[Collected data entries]
★ ★ ★
Theorem lemma3p5 (R : realType) (n eps : nat) (E : 'I_eps -> 'I_n * 'I_n)
  (B : 'M[R]_n) (f : 'I_n -> R -> R) (m L alpha beta : R) (T : nat)
  (x0 xs : 'cV[R]_n) (ls : 'cV[R]_eps) (d e g : R) :
  simple_graph E -> connected_graph E ->
  (* B symmetric PSD, same null space as A, sparsity pattern of the graph *)
  B^T = B ->
  (forall v : 'cV[R]_n, 0 <= (v^T *m B *m v) 0 0) ->
  (forall v : 'cV[R]_n, B *m v = 0 <-> incidence R E *m v = 0) ->
  (forall i j : 'I_n, i != j -> B i j != 0 -> adj E i j) ->
  (* local functions: twice differentiable, m <= f_i'' <= L *)
  0 < m -> m <= L ->
  (forall i x, derivable (f i) x 1) ->
  (forall i x, derivable (derive1 (f i)) x 1) ->
  (forall i x, m <= derive1 (derive1 (f i)) x <= L) ->
  (* x* is the unique minimizer of f subject to A x = 0 *)
  incidence R E *m xs = 0 ->
  (forall x : 'cV[R]_n, incidence R E *m x = 0 ->
     \sum_i f i (xs i 0) <= \sum_i f i (x i 0)) ->
  (forall x : 'cV[R]_n, incidence R E *m x = 0 ->
     \sum_i f i (x i 0) <= \sum_i f i (xs i 0) -> x = xs) ->
  (* Lagrange multiplier in the column space of A *)
  grad f xs + (incidence R E)^T *m ls = 0 ->
  B *m xs = 0 ->
  (exists y : 'cV[R]_n, ls = incidence R E *m y) ->
  (* parameters *)
  0 < alpha -> 0 < beta -> (1 <= T)%N ->
  alpha < 1 / rho B ->
  1 < d -> 1 < e -> 1 < g ->
  forall k : nat,
    let A := incidence R E in
    let U := 1%:M - alpha *: B in
    let p := flexpd alpha beta T A B f x0 k in
    let xT1 := inner alpha A B f p.2 p.1 (T - 1) in
    let xT := inner alpha A B f p.2 p.1 T in
    let lam1 := (flexpd alpha beta T A B f x0 k.+1).2 in
    sqnorm (lam1 - ls) <=
      d / (alpha ^+ 2 * smin_nz (A *m A^T))
        * (e / (e - 1) * rho (U *m U) + e * alpha ^+ 2 * L ^+ 2)
        * sqnorm (xT1 - xT)
    + d / ((d - 1) * alpha ^+ 2 * smin_nz (A *m A^T))
        * (g / (g - 1) * alpha ^+ 2
             * rho ((beta *: (A^T *m A) - B) *m (beta *: (A^T *m A) - B))
           + g * alpha ^+ 2 * L ^+ 2)
        * sqnorm (xT - xs).
Proof.
move=> _ _ B_sym _ _ _ m_gt0 _ _ f'_der f''_bound Axs _ _ kkt Bxs [y ls_range].
move=> alpha_gt0 _ T_ge1 _ d_gt1 e_gt1 g_gt1 k; cbv zeta.
set A := incidence R E; set pk := flexpd alpha beta T A B f x0 k.
set xT1 := inner alpha A B f pk.2 pk.1 (T - 1); set xT := inner alpha A B f pk.2 pk.1 T.
have f''_le i x : `|derive1 (derive1 (f i)) x| <= L.
  by have /andP [f''_ge f''_le] := f''_bound i x; rewrite ger0_norm ?(le_trans (ltW m_gt0)).
have xT_step : xT = pstep alpha A B f pk.2 xT1.
  by rewrite /xT /xT1 /inner -[in LHS](subnK T_ge1) addn1 iterS.
have [z pk_range] := flexpd_multiplier_range alpha beta T A B f x0 k.
have dual_le : sqnorm (pk.2 + beta *: (A *m xT) - ls)
    <= (smin_nz (A *m A^T))^-1 * sqnorm (A^T *m (pk.2 + beta *: (A *m xT) - ls)).
  have -> : pk.2 + beta *: (A *m xT) - ls = A *m (z + beta *: xT - y).
    by rewrite pk_range ls_range !mulmxBr mulmxDr scalemxAr.
  exact: sqnorm_mul_le_smin_nz.
have residual_le := dual_residual_le beta B_sym d_gt1 e_gt1 g_gt1 f'_der f''_le
  xT_step Axs Bxs kkt.
have alpha2_neq0 : alpha ^+ 2 != 0 by rewrite expf_neq0 ?gt_eqF.
apply: le_trans dual_le _; rewrite -[sqnorm (A^T *m _)](mulKf alpha2_neq0).
apply: le_trans (ler_wpM2l _ (ler_wpM2l _ residual_le)) _.
- by rewrite invr_ge0 smin_nz_gram_ge0.
- by rewrite invr_ge0 sqr_ge0.
rewrite le_eqVlt; apply/orP; left; apply/eqP; rewrite !invfM; ring.
Qed.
★ ★ ★
Instructions for the task:
Filter the entries and copy each line with "incidence".

Response below:
  (forall v : 'cV[R]_n, B *m v = 0 <-> incidence R E *m v = 0) ->
  incidence R E *m xs = 0 ->
  (forall x : 'cV[R]_n, incidence R E *m x = 0 ->
  (forall x : 'cV[R]_n, incidence R E *m x = 0 ->
  grad f xs + (incidence R E)^T *m ls = 0 ->
  (exists y : 'cV[R]_n, ls = incidence R E *m y) ->
    let A := incidence R E in
set A := incidence R E; set pk := flexpd alpha beta T A B f x0 k.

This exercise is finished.